3. Mind your words. We often believe what we say. If we notice ourselves consistentlyBashing our spouse or complaining about the marriage can lead us to believe negative things. Wisdom advises us to control our speech and only say things that are “true, honorable, right, pure, lovely, and admirable” «Finally, brethren, whatsoever things are true, whatsoever things are honest, whatsoever things are just, whatsoever things are pure, whatsoever things are lovely, whatsoever things are of good report; if there be any virtue, and if there be any praise, think on these things. », (Philippians 4:8).

Pay attention to the little things in a relationship. When a couple first falls in love, they notice and appreciate every small detail. However, if we do not actively continue these habits, we may take each other for granted. Restoring love in a struggling marriage happens gradually, one small gesture at a time. Identify your spouse’s love language and strive to fulfill that need daily.

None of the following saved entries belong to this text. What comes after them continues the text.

Lemma sens_ge : k.+1 <= v -> 'C(v - k.+1, uphalf k) <= sens P.
Proof.
move=> kv.
have [A0 _ cA0] : exists2 A0 : {set 'I_v}, A0 \subset setT & #|A0| = k.+1.
  by apply: exists_subset_card; rewrite cardsT card_ord.
have [T0 sT0 cT0] : exists2 T0 : {set 'I_v}, T0 \subset A0 & #|T0| = k./2.
  by apply: exists_subset_card; rewrite cA0; have := half_lt_k; lia.
have cA0C : #|~: A0| = v - k.+1 by have := cardsC A0; rewrite cA0 card_ord; lia.
apply: leq_trans (leq_bigmax (clique A0)).
rewrite -cA0C -cards_draws; apply: leq_trans (leq_imset_card (fun g => val g :\: T0) _).
apply/subset_leq_card/subsetP => U /[!inE] /andP[sU /eqP cU].
have dTU : [disjoint T0 & U].
  by apply: disjointWl sT0 _; rewrite disjoint_sym disjoints_subset.
have cTU : #|T0 :|: U| == k.
  by rewrite cardsU (disjoint_setI0 dTU) cards0 subn0 cT0 cU addn_half_uphalf.
apply/imsetP; exists (Sub (T0 :|: U) cTU : edge k v); last first.
  by rewrite SubK setDUl setDv set0U; apply/esym/setDidPl; rewrite disjoint_sym.
rewrite inE has_isolated_clique_clique // eqb_id flip_clique_forbidden // /forbidden SubK.
apply/andP; split; last by rewrite -cT0 subset_leq_card // subsetI subsetUl.
have [u uU] : exists u, u \in U by apply/card_gt0P; rewrite cU uphalf_gt0; lia.
by apply/subsetPn; exists u; rewrite ?inE ?uU ?orbT // -in_setC (subsetP sU).
Qed.

End IsolatedClique.

Lemma theta_sq_of_theta_pow (s b : nat -> nat) m :
  theta_pow s m -> theta_pow b (m * 2) -> theta_sq b s.
Proof.
move=> [c1 [C1 [N1 [c1_gt0 H1]]]] [c2 [C2 [N2 [c2_gt0 H2]]]].
exists (C1 ^ 2 * c2 + 1), (C2 * c1 ^ 2), (maxn N1 N2); split; first by rewrite addn1.
move=> v; rewrite geq_max => /andP[/H1[l1 u1] /H2[l2 u2]]; split.
  apply: leq_trans (leq_exp2rW 2 u1) _; rewrite expnMn -expnM.
  apply: leq_trans (_ : C1 ^ 2 * (c2 * b v) <= _); first by rewrite leq_mul2l l2 orbT.
  by rewrite mulnA leq_mul2r leq_addr orbT.
apply: leq_trans u2 _; rewrite -mulnA leq_mul2l expnM -expnMn.
by rewrite leq_exp2rW ?orbT.
Qed.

In a loveless marriage, a Christian should reject engaging in behaviors that contribute to the issue. Even if one spouse seems uninterested in rebuilding an emotional bond, a Christian should do what is morally right. Our calling is not to seek revenge or repay evil with evil, but to conquer evil with goodness «Be not overcome of evil, but overcome evil with good.», (Romans 12:21). We are chosen to stand apart from the world as bearers of light «Ye are the light of the world. A city that is set on an hill cannot be hid. », (Matthew 5:14), and as the salt of the earth « Ye are the salt of the earth: but if the salt have lost his savour, wherewith shall it be salted? it is thenceforth good for nothing, but to be cast out, and to be trodden under foot of men. », (Matthew 5:13).ible/king-james-version/matthew-5-13″>(Matthew 5:13), and a chosen priesthood (1 Peter 2:9-10). Our mission is not to please ourselves but to please our heavenly Father «Give none offense, neither to the Jews, nor to the Gentiles, nor to the church of God: », (1 Corinthians 10:32). He is pleased when we endure difficulties with patience and do whatever is within our power to revive a loveless marriage.